Lebenslauf von Gustav Grimm, Bildhauer und Keramiker,

Gustav wurde als Sohn des Zimmermanns Carl Grimm und seiner Frau Franziska Grimm (geb. Meyer)
am 29. November 1897 in Hamburg-Horn geboren.

Nach seiner Schulzeit absolvierte er von 1912-1916 eine vierjährige Ausbildung
zum "Stuckbildhauer" bei der Firma Gebrüder Berger & Silber in Wandsbek.
Während dieser Zeit nahm Gustav Grimm bereits am Abend- und Sonntagsunterricht an der Kunstgewerbeschule in Hamburg teil. Nach Ende seiner Berufsausbildung konnte er im September 1916 seine künstlerische Ausbildung ganztägig in der Klasse
von Professor Johann Bossard beginnen. Wegen des Krieges musste er in den Jahren 1917 bis 1919 unterbrechen und konnte dann ab 1920 bis zum Abschluss im Juni 1928 das Studium in der Bildhauerkunst fortsetzen.
Die Anerkennung von besonderer Leistung während des Studiums bescheinigten ihm sein Professor Johann Bossard sowie der Direktor der Landeskunstschule Richard Meyer mit ihren Unterschriften im Abschlusszeugnis. Seine Professoren in dieser Zeit waren u.a.:

Johann Bossard, Richard Luksch (Bildhauer) - Julius Wohlers, Friedrich Wehland (Malerei) -
Carl Schmidt (Gravurtechnik) - Max Wünsche (Keramikarbeiten).

Sein Abschlusszeugnis der Landeskunstschule (heute Hochschule für Bildende Kunst) erhielt er am 25.Juni 1928.

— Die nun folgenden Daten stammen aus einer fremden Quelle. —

Lemma odd_nonmultiple_between A d l : 0 < A -> 4 <= A * d -> prime l ->
  exists z, A <= IZR z <= A * (1 + d) /\ Z.odd z = true /\ ~ (l | z)%Z.
Proof.
intros hA hAd hl.
destruct (archimed A) as [up_gt up_le].
set (o := if Z.odd (up A) then up A else (up A + 1)%Z).
assert (ho : Z.odd o = true /\ A < IZR o <= A + 2).
{ unfold o; destruct (Z.odd (up A)) eqn:E; [split; auto; lra |].
  rewrite Z.odd_add, E, plus_IZR; split; [easy | lra]. }
destruct ho as [o_odd o_bounds].
destruct (Zdivide_dec l o) as [lo | nlo]; [| exists o; split; [lra | auto]].
exists (o + 2)%Z; rewrite plus_IZR, Z.odd_add, o_odd; split; [lra | split; [easy |]].
intros lo2; assert (l2 : (l | 2)%Z)
  by (replace 2%Z with (o + 2 - o)%Z by ring; now apply Z.divide_sub_r).
apply prime_div_prime in l2; [subst l | easy | apply prime_2].
destruct lo as [c ->]; rewrite Z.odd_mul, Bool.andb_false_r in o_odd; discriminate.
Qed.

Lemma prime_divide_pow_mul_pow2 p l a k : prime p -> prime l -> (0 <= a)%Z -> (0 <= k)%Z ->
  (p | l ^ a * 2 ^ k)%Z -> p = l \/ p = 2%Z.
Proof.
intros hp hl ha hk hdiv; destruct (prime_mult p hp _ _ hdiv) as [hla | h2k].
- left; now apply prime_power_prime with a.
- right; apply prime_power_prime with k; auto; apply prime_2.
Qed.

Lemma large_prime_factor p g l a k z : prime p -> prime l -> (0 <= a)%Z -> (0 <= k)%Z ->
  (2 < p)%Z -> (0 < z < p)%Z -> (p | g * (l ^ a * 2 ^ k) * z)%Z -> (p | g)%Z \/ p = l.
Proof.
intros hp hl ha hk p_gt2 hz hdiv.
destruct (prime_mult p hp _ _ hdiv) as [hgb | hpz]; [| apply Z.divide_pos_le in hpz; lia].
destruct (prime_mult p hp _ _ hgb) as [hg | hb]; [now left | right].
destruct (prime_divide_pow_mul_pow2 p l a k hp hl ha hk hb); lia.
Qed.

Lemma in_I_common_divisor_eq M h g n1 n2 : in_I M h n1 -> in_I M h n2 ->
  (g | n1)%Z -> (g | n2)%Z -> 2 * Rpower M (3/4) <= IZR g -> n1 = n2.
Proof.
intros [lo1 hi1] [lo2 hi2] hg1 hg2 hg.
destruct (Z.eq_dec n1 n2) as [e | ne]; [easy | exfalso].
assert (hdiv : (g | n1 - n2)%Z) by now apply Z.divide_sub_r.
apply Zdivide_bounds, IZR_le in hdiv; [| lia].
rewrite !abs_IZR, minus_IZR in hdiv.
assert (Rabs (IZR n1 - IZR n2) < 2 * Rpower M (3/4)) by (apply Rabs_def1; lra).
pose proof (Rle_abs (IZR g)); lra.
Qed.

Lemma lcm_list_divide l n : (forall x, In x l -> (x | n)%Z) -> (lcm_list l | n)%Z.
Proof.
induction l as [|x l IH]; simpl; intros h; [apply Z.divide_1_l |].
apply Z.lcm_least; auto.
Qed.

Lemma prime_power_b_sound q : prime_power_b q = true -> is_prime_power q.
Proof.
unfold prime_power_b; rewrite existsb_exists; intros [p [_ hp]].
apply andb_prop in hp as [hp ha].
destruct (prime_dec p) as [pp |]; [| discriminate].
apply existsb_exists in ha as [a [ha e]]; apply Z.eqb_eq in e.
apply in_Zrange1 in ha; exists p, a; auto with zarith.
Qed.

Lemma prime_power_b_2 : prime_power_b 2 = true.
Proof.
apply existsb_exists; exists 2%Z; split; [apply in_Zrange1; lia |].
destruct (prime_dec 2) as [_ | n]; [easy | now exfalso; apply n, prime_2].
Qed.

(** * Tuples from rows of primes *)

Fixpoint cart (rs : list (list Z)) : list (list Z) :=
  match rs with
  | nil => nil :: nil
  | r :: rs' => flat_map (fun x => map (cons x) (cart rs')) r
  end.

Lemma in_cart rs t : In t (cart rs) <-> Forall2 (@In Z) t rs.
Proof.
revert t; induction rs as [|r rs IH]; intros t; simpl.
- split; [intros [<- | []]; constructor | now inversion 1; left].
- rewrite in_flat_map; split.
  + intros [x [hx ht]]; apply in_map_iff in ht as [t' [<- ht']].
    constructor; [easy | now apply IH].
  + inversion 1; subst; exists x; split; [easy | apply in_map, IH; auto].
Qed.

Lemma cart_NoDup rs : Forall (@NoDup Z) rs -> NoDup (cart rs).
Proof.
induction 1 as [|r rs hr _ IH]; simpl; [repeat constructor; easy |].
induction hr as [|x r hx _ IHr]; simpl; [constructor |].
apply NoDup_app; [| easy |].
- apply NoDup_map_NoDup_ForallPairs; [intros a b _ _ e; now inversion e | easy].
- intros t h1 h2; apply in_map_iff in h1 as [t1 [<- _]].
  apply in_flat_map in h2 as [y [hy h2]]; apply in_map_iff in h2 as [t2 [e _]].
  inversion e; subst; contradiction.
Qed.

Lemma cart_length_ge rs c : 0 <= c -> (forall r, In r rs -> c <= INR (length r)) ->
  c ^ length rs <= INR (length (cart rs)).
Proof.
intros hc; induction rs as [|r rs IH]; simpl; intros hr; [lra |].
assert (len : length (flat_map (fun x => map (cons x) (cart rs)) r) = (length r * length (cart rs))%nat).
{ clear IH hr; induction r as [|x r IHr]; simpl; [easy |]; now rewrite length_app, length_map, IHr. }
rewrite len, mult_INR; apply Rmult_le_compat; [exact hc | apply pow_le, hc | |].
- apply hr; now left.
- apply IH; intros r' hr'; apply hr; now right.
Qed.

Definition rows_disjoint (rs : list (list Z)) : Prop :=
  forall i k x, (i < length rs)%nat -> (k < length rs)%nat ->
    In x (nth i rs nil) -> In x (nth k rs nil) -> i = k.

Lemma in_cart_nth rs t : In t (cart rs) ->
  length t = length rs /\ forall i, (i < length rs)%nat -> In (nth i t 0%Z) (nth i rs nil).
Proof.
rewrite in_cart; induction 1 as [|x r t rs hx _ [len IH]]; simpl; [split; [easy | lia] |].
split; [lia |]; intros [|i] hi; [easy | apply IH; lia].
Qed.

Lemma in_cart_row rs t x : In t (cart rs) -> In x t -> exists r, In r rs /\ In x r.
Proof.
rewrite in_cart; induction 1 as [|y r t rs hy _ IH]; simpl; [easy |].
intros [<- | hx]; [exists r; auto | destruct (IH hx) as [r' [hr' hxr']]; exists r'; auto].
Qed.

Section DisjointRows.
Variable rs : list (list Z).
Hypothesis disj : rows_disjoint rs.

Lemma cart_tuple_NoDup t : In t (cart rs) -> NoDup t.
Proof.
intros ht; destruct (in_cart_nth rs t ht) as [len hnth].
apply (NoDup_nth t 0%Z); intros i k hi hk eik.
apply (disj i k (nth i t 0%Z)); try lia; [| rewrite eik]; apply hnth; lia.
Qed.

Lemma cart_incl_pointwise t t' l : In t (cart rs) -> In t' (cart rs) -> incl t' (l :: t) ->
  forall i, (i < length rs)%nat -> nth i t' 0%Z = nth i t 0%Z \/ nth i t' 0%Z = l.
Proof.
intros ht ht' hincl i hi.
destruct (in_cart_nth rs t ht) as [len hnth], (in_cart_nth rs t' ht') as [len' hnth'].
destruct (hincl (nth i t' 0%Z)) as [e | hin]; [apply nth_In; lia | now right | left].
apply (In_nth t _ 0%Z) in hin as [k [hk ek]].
assert (k = i) as ->
  by (apply (disj k i (nth i t' 0%Z)); try lia; [rewrite <- ek |]; apply hnth || apply hnth'; lia).
now symmetry.
Qed.

Lemma cart_incl_three t1 t2 t3 l : In t1 (cart rs) -> In t2 (cart rs) -> In t3 (cart rs) ->
  incl t2 (l :: t1) -> incl t3 (l :: t1) -> t2 = t1 \/ t3 = t1 \/ t2 = t3.
Proof.
intros h1 h2 h3 i2 i3.
pose proof (cart_incl_pointwise t1 t2 l h1 h2 i2) as p2.
pose proof (cart_incl_pointwise t1 t3 l h1 h3 i3) as p3.
destruct (in_cart_nth rs t1 h1) as [len1 n1], (in_cart_nth rs t2 h2) as [len2 n2],
  (in_cart_nth rs t3 h3) as [len3 n3].
assert (differs : forall t, length t = length rs -> t <> t1 ->
  exists i, (i < length rs)%nat /\ nth i t 0%Z <> nth i t1 0%Z).
{ intros t len ne; apply NNPP; intros hno; apply ne, nth_ext with 0%Z 0%Z; [lia |].
  intros i hi; apply NNPP; intros hne; apply hno; exists i; split; [lia | easy]. }
destruct (list_eq_dec Z.eq_dec t2 t1) as [e2 | ne2]; [now left |].
destruct (list_eq_dec Z.eq_dec t3 t1) as [e3 | ne3]; [now right; left |].
right; right.
destruct (differs t2 len2 ne2) as [i [hi d2]], (differs t3 len3 ne3) as [k [hk d3]].
assert (e2 : nth i t2 0%Z = l) by (destruct (p2 i hi); easy).
assert (e3 : nth k t3 0%Z = l) by (destruct (p3 k hk); easy).
assert (only_i : forall t r, In t (cart rs) -> (r < length rs)%nat -> nth r t 0%Z = l -> r = i).
{ intros t r ht hr er; destruct (in_cart_nth rs t ht) as [_ nt].
  apply (disj r i l hr hi); [rewrite <- er; apply nt | rewrite <- e2; apply n2]; easy. }
apply nth_ext with 0%Z 0%Z; [lia |]; intros r hr.
destruct (p2 r ltac:(lia)) as [a2 | a2], (p3 r ltac:(lia)) as [a3 | a3]; try congruence.
- pose proof (only_i t3 r h3 ltac:(lia) a3); pose proof (only_i t3 k h3 hk e3); subst; congruence.
- pose proof (only_i t2 r h2 ltac:(lia) a2); pose proof (only_i t3 k h3 hk e3); subst; congruence.
Qed.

Zwischenzeitlich hatte sich Gustav Grimm auch mit den Eigenarten der Holzbildhauerei auseinandergesetzt. Aus dieser Zeit ist noch ein durch seine Hand gefertigter massiver, schlichter Holzschrank im BAUHAUS-Stil im Schnelsen-Archiv vorhanden (siehe Abbidung).
In der Keramikklasse von Max Wünsche 1926/27 und 1930 hat Gustav Grimm seine Kenntnisse und Fähigkeiten als Keramiker erlernt und vertieft. Ab 1930 verdiente er damit während der Zeit der großen Arbeitslosigkeit seinen Lebensunterhalt.
Seine künstlerischen Hauptwerke allerdings entstanden meist in der Zeit um 1927. So bemalte er u.a. Porzellanvasen mit Deckel in der sogenannten Unterglasurtechnik. Ob er auch die Ausformungen der Vasen (was anzunehmen ist) gestaltet hat, ist nicht mehr mit letzter Sicherheit festzustellen. Leider sind von diesen "Deckelvasen" nur noch drei Stück bekannt. Eine dieser Vasen kann im Schnelsen-Archiv bestaunt werden. Trotz Beschädigung hat sie nichts von ihrem künstlerischen Charme eingebüßt!

Für insgesamt acht Monate, nämlich in der Zeit von Oktober 1927 bis Juni 1928, war Gustav Grimm in der Wandplattenfabrik "DUENSING-BICHEROUX - Werke" in Boizenburg an der Elbe tätig. Dort hat er eine Reihe von Entwürfen sowie zeichnerische Arbeiten ausgeführt. In wieweit diese Tätigkeit noch zum Studium gehörte ist nicht bekannt.

Am 23. April 1927 heiratete er seine Frau Anna (geb. Behrmann) und am 10. Januar 1929 wurde ihr Sohn Georg Grimm (der später in die Fußstapfen seines Vaters trat) geboren. Dies nahm er zum Anlass, einen neuen Weg zu gehen.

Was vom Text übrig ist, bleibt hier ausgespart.